In a step S15, the MPU 6 decides whether or not the data is to be deciphered. The basis for making this decision in the step S15 will be described later. For example, enciphering information such as an enciphering flag which indicates that the data is enciphered may be added to the data, and it may be judged that the data is enciphered if the enciphering information is detected. If the decision result in the step S15 is NO, in a step S16, the MPU 6 closes the switching circuit 1, and the process advances to a step S19 which will be described later. On the other hand, if the decision result in the step S15 is YES, in a step S17, the MPU 6 opens the switching circuit 1, so as to supply the data stored in the data buffer 4 to the enciphering and deciphering circuit 3. In addition, in a step S18, the MPU 6 controls the enciphering and deciphering circuit 3 to decipher the data from the data buffer 4 based on the key data held in the key data holding circuit 5, and the process advances to the step S19. In the step S19, the data is transferred to the host unit 102 via the interface 2. The data transferred in the step S19 is the data read from the data buffer 4 in the case where the step S16 is carried out, and is the deciphered data from the enciphering and deciphering circuit 4 in the case where the step S18 is carried out. After the reproduction of the data ends, the end of the reproduction may be notified to the host unit 102 by a known method.

In this embodiment, the data is passed through the enciphering and deciphering circuit 3 or is bypassed the enciphering and deciphering circuit 3, by controlling the switching circuit 1. However, an enable/disable signal which controls the enciphering and deciphering circuit 3 to an operational/non-operational state may be supplied directly from the MPU 6 to the enciphering and deciphering circuit 3 as indicated by a dotted line in FIG. 1. In this case, the data is enciphered or deciphered when the enable signal is supplied to the enciphering and deciphering circuit 3, and the data bypasses the enciphering and deciphering circuit 3 and is not enciphered or deciphered when the disable signal is supplied to the enciphering and deciphering circuit 3. Hence, the switching circuit 1 may be omitted in this case.

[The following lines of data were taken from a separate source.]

Lemma affine_continuous (K : numFieldType) (a b : K) : continuous (fun t : K => a + t * b).
Proof.
move=> t; apply: (@cvgD _ K^o _ (nbhs t) _ (fun=> a) (fun s => s * b)).
  exact: cvg_cst.
by apply: (@cvgM _ _ _ _ id (fun=> b)); [exact: cvg_id | exact: cvg_cst].
Qed.

Local Open Scope R_scope.

Definition segment (a b : pt) (t : R) : pt :=
  (a.1 + t * (b.1 - a.1), a.2 + t * (b.2 - a.2)).

Lemma segment_continuous a b : continuous (segment a b).
Proof.
move=> t; exact: cvg_pair (@affine_continuous R _ _ t) (@affine_continuous R _ _ t).
Qed.

Lemma segment0 a b : segment a b 0 = a.
Proof. by case: a => x y; rewrite /segment /=; f_equal; ring. Qed.

Lemma segment1 a b : segment a b 1 = b.
Proof. by case: a b => x y [x' y']; rewrite /segment /=; f_equal; ring. Qed.

Lemma segment_inj a b : a <> b -> injective (segment a b).
Proof.
case: a b => x y [x' y'] ab s t [e1 e2].
have [xx' | ?] := Req_dec x x'; have [yy' | ?] := Req_dec y y'; try nra.
by subst; case: ab.
Qed.

Lemma segment_jordan_arc a b : a <> b -> jordan_arc (segment a b).
Proof.
move=> ab; split; first exact: continuous_subspaceT (@segment_continuous a b).
by move=> s t _ _; apply: segment_inj.
Qed.

Lemma INR_ge2 (w : nat) : (2 <= w)%N -> 2 <= INR w.
Proof. by move=> w2; apply: (le_INR 2); apply/leP. Qed.

Lemma INR_add_unit_eq (a b : nat) (s : R) : 0 <= s <= 1 -> INR a + s = INR b -> s = 0 \/ s = 1.
Proof.
move=> s01 e; have [ba | ab] : (b <= a)%coq_nat \/ (a.+1 <= b)%coq_nat by lia.
- by have := le_INR _ _ ba; lra.
- by have := le_INR _ _ ab; rewrite S_INR; lra.
Qed.

Lemma INR_add_unit_eq2 (a b : nat) (s t : R) : a <> b -> 0 <= s <= 1 -> 0 <= t <= 1 ->
  INR a + s = INR b + t -> s = 0 \/ s = 1.
Proof.
move=> ab s01 t01 e; have [ba | ab'] : (b.+1 <= a)%coq_nat \/ (a.+1 <= b)%coq_nat by lia.
- by have := le_INR _ _ ba; rewrite S_INR; lra.
- by have := le_INR _ _ ab'; rewrite S_INR; lra.
Qed.

Definition fan_pos (p i : nat) : pt :=
  if (i == 0)%N then (0, 1) else if (i == 1)%N then (0, -1)
  else if (i < p)%N then (INR i, 0) else (INR i, 2).

Lemma fan_pos_mid (p w : nat) : (2 <= w)%N -> (w < p)%N -> fan_pos p w = (INR w, 0).
Proof. by rewrite /fan_pos; case: w => [|[|w]] //= _ ->. Qed.

Lemma fan_posE (p w : nat) :
  [\/ w = 0%N /\ fan_pos p w = (0, 1), w = 1%N /\ fan_pos p w = (0, -1),
     [/\ (2 <= w)%N, (w < p)%N & fan_pos p w = (INR w, 0)]
   | (2 <= w)%N /\ fan_pos p w = (INR w, 2)].
Proof.
rewrite /fan_pos; case: w => [|[|w]] /=; [exact: Or41 | exact: Or42 |].
by case: ifP => wp; [apply: Or43 | apply: Or44].
Qed.

Lemma fan_pos_inj p : injective (fan_pos p).
Proof.
move=> a b E; apply: INR_eq; move: (congr1 fst E) (congr1 snd E).
case: (fan_posE p a) => [[-> ->]|[-> ->]|[a2 _ ->]|[a2 ->]];
case: (fan_posE p b) => [[-> ->]|[-> ->]|[b2 _ ->]|[b2 ->]] /= e1 e2 //;
  try have := INR_ge2 a2; try have := INR_ge2 b2; lra.
Qed.

Definition fan_arc (p a b : nat) : R -> pt := segment (fan_pos p a) (fan_pos p b).

Lemma fan_arcE (p a b : nat) : double_fan_adj p a b ->
  [\/ [/\ a = 0%N, b = 1%N & forall t, fan_arc p a b t = (0, 1 - 2 * t)],
     [/\ a = 0%N, (2 <= b < p)%N & forall t, fan_arc p a b t = (t * INR b, 1 - t)],
     [/\ a = 1%N, (2 <= b < p)%N & forall t, fan_arc p a b t = (t * INR b, -1 + t)]
   | [/\ (2 <= a)%N, b = a.+1 /\ (b < p)%N & forall t, fan_arc p a b t = (INR a + t, 0)]].
Proof.
rewrite /double_fan_adj /fan_arc /segment => adj.
have : ((a = 0 /\ b = 1) \/ (a = 0 /\ 2 <= b < p) \/ (a = 1 /\ 2 <= b < p)
          \/ (2 <= a /\ b = a.+1 /\ b < p))%N by lia.
case=> [[-> ->] | [[-> bp] | [[-> bp] | [a2 [-> bp]]]]].
- by apply: Or41; split=> // t; rewrite /fan_pos /=; f_equal; ring.
- apply: Or42; split=> // t; case/andP: bp => b2 bp.
  by rewrite (fan_pos_mid b2 bp) /fan_pos /=; f_equal; ring.
- apply: Or43; split=> // t; case/andP: bp => b2 bp.
  by rewrite (fan_pos_mid b2 bp) /fan_pos /=; f_equal; ring.
- apply: Or44; split=> // t; rewrite (fan_pos_mid _ bp) ?(fan_pos_mid a2) ?S_INR /=; try lia.
  by f_equal; ring.
Qed.

Lemma fan_arc_avoids_vertices (p a b w : nat) t : double_fan_adj p a b -> 0 < t < 1 ->
  fan_arc p a b t <> fan_pos p w.
Proof.
move=> adj t01.
case: (fan_arcE adj) => [[_ _ ->] | [_ _ ->] | [_ _ ->] | [_ _ ->]];
case: (fan_posE p w) => [[_ ->] | [_ ->] | [w2 _ ->] | [w2 ->]] E;
  move: (congr1 fst E) (congr1 snd E) => /= e1 e2;
  try have := INR_ge2 w2; try lra.
by case: (INR_add_unit_eq (ltac:(lra) : 0 <= t <= 1) e1); lra.
Qed.

Lemma fan_arcs_meet_at_ends (p a b a' b' : nat) s t :
  double_fan_adj p a b -> double_fan_adj p a' b' -> (a, b) <> (a', b') ->
  0 <= s <= 1 -> 0 <= t <= 1 -> fan_arc p a b s = fan_arc p a' b' t -> s = 0 \/ s = 1.
Proof.
(* Compare coordinates: nra settles every pair of edges except equal edges, two edges
   from the same apex, and two edges meeting on the x-axis. *)
move=> /fan_arcE F /fan_arcE F' + s01 t01; move: F F'.
case=> [[-> -> ->] | [-> /andP[b2 _] ->] | [-> /andP[b2 _] ->] | [a2 [-> _] ->]];
case=> [[-> -> ->] | [-> /andP[c2 _] ->] | [-> /andP[c2 _] ->] | [d2 [-> _] ->]] neq E;
  move: (congr1 fst E) (congr1 snd E) => /= e1 e2;
  try have := INR_ge2 b2; try have := INR_ge2 c2; try have := INR_ge2 a2;
  try have := INR_ge2 d2;
  first [left; nra | right; nra | exfalso; nra | idtac]; move=> *.
- by case: neq.
- left; have st : s = t by lra.
  subst t; case: (Req_dec s 0) => // s0; exfalso; apply: neq; f_equal.
  exact: INR_eq (Rmult_eq_reg_l s _ _ e1 s0).
- left; have st : s = t by lra.
  subst t; case: (Req_dec s 0) => // s0; exfalso; apply: neq; f_equal.
  exact: INR_eq (Rmult_eq_reg_l s _ _ e1 s0).
- have t1 : t = 1 by lra.
  by subst t; rewrite Rmult_1_l in e1; apply: INR_add_unit_eq s01 e1.
- have t1 : t = 1 by lra.
  by subst t; rewrite Rmult_1_l in e1; apply: INR_add_unit_eq s01 e1.
- by apply: (INR_add_unit_eq2 _ s01 t01 e1) => aa; apply: neq; rewrite aa.
Qed.

Lemma double_fan_planar n p : planar (double_fan n p).
Proof.
exists (fun u : 'I_n => fan_pos p u), (fun u v : 'I_n => fan_arc p u v).
have edge (u v : 'I_n) : (u < v)%N -> double_fan n p u v -> double_fan_adj p u v.
  by rewrite /double_fan => uv /orP[// | ]; rewrite /double_fan_adj; lia.
split; [| split].
- by move=> u v /fan_pos_inj/val_inj.
- move=> u v uv /(edge _ _ uv) adj; split.
  + by apply: segment_jordan_arc => /fan_pos_inj uvE; move: uv; rewrite /ltn /= uvE; lia.
  + exact: segment0.
  + exact: segment1.
  + by move=> t w t01; apply: fan_arc_avoids_vertices.
- move=> u v u' v' uv /(edge _ _ uv) adj uv' /(edge _ _ uv') adj' neq s t s01 t01 E.
  have neq' : (val u, val v) <> (val u', val v').
    by case=> /val_inj eu /val_inj ev; apply: neq; rewrite eu ev.
  case: (fan_arcs_meet_at_ends adj adj' neq' s01 t01 E) => ->.
  + by exists u; rewrite /fan_arc segment0.
  + by exists v; rewrite /fan_arc segment1.
Qed.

FIG. 4 is a diagram showing a sector structure on the magneto-optical disk 12, and FIG. 5 is a diagram showing a recording format on the magneto-optical disk 12. As shown in FIG. 4, concentric tracks or a spiral track formed on the magneto-optical disk 12 are sectioned radially into a plurality of sectors 120, as is well known. The data is recorded in units of sectors, and as is well known, a sector identifying part SM identifying each sector and a data part DATA are successively recorded on an arbitrary track on the magneto-optical disk 12 as shown in FIG. 5. Accordingly, whether or not to encipher the data to be recorded, and whether or not to decipher the data which is reproduced, may be controlled in units of sectors.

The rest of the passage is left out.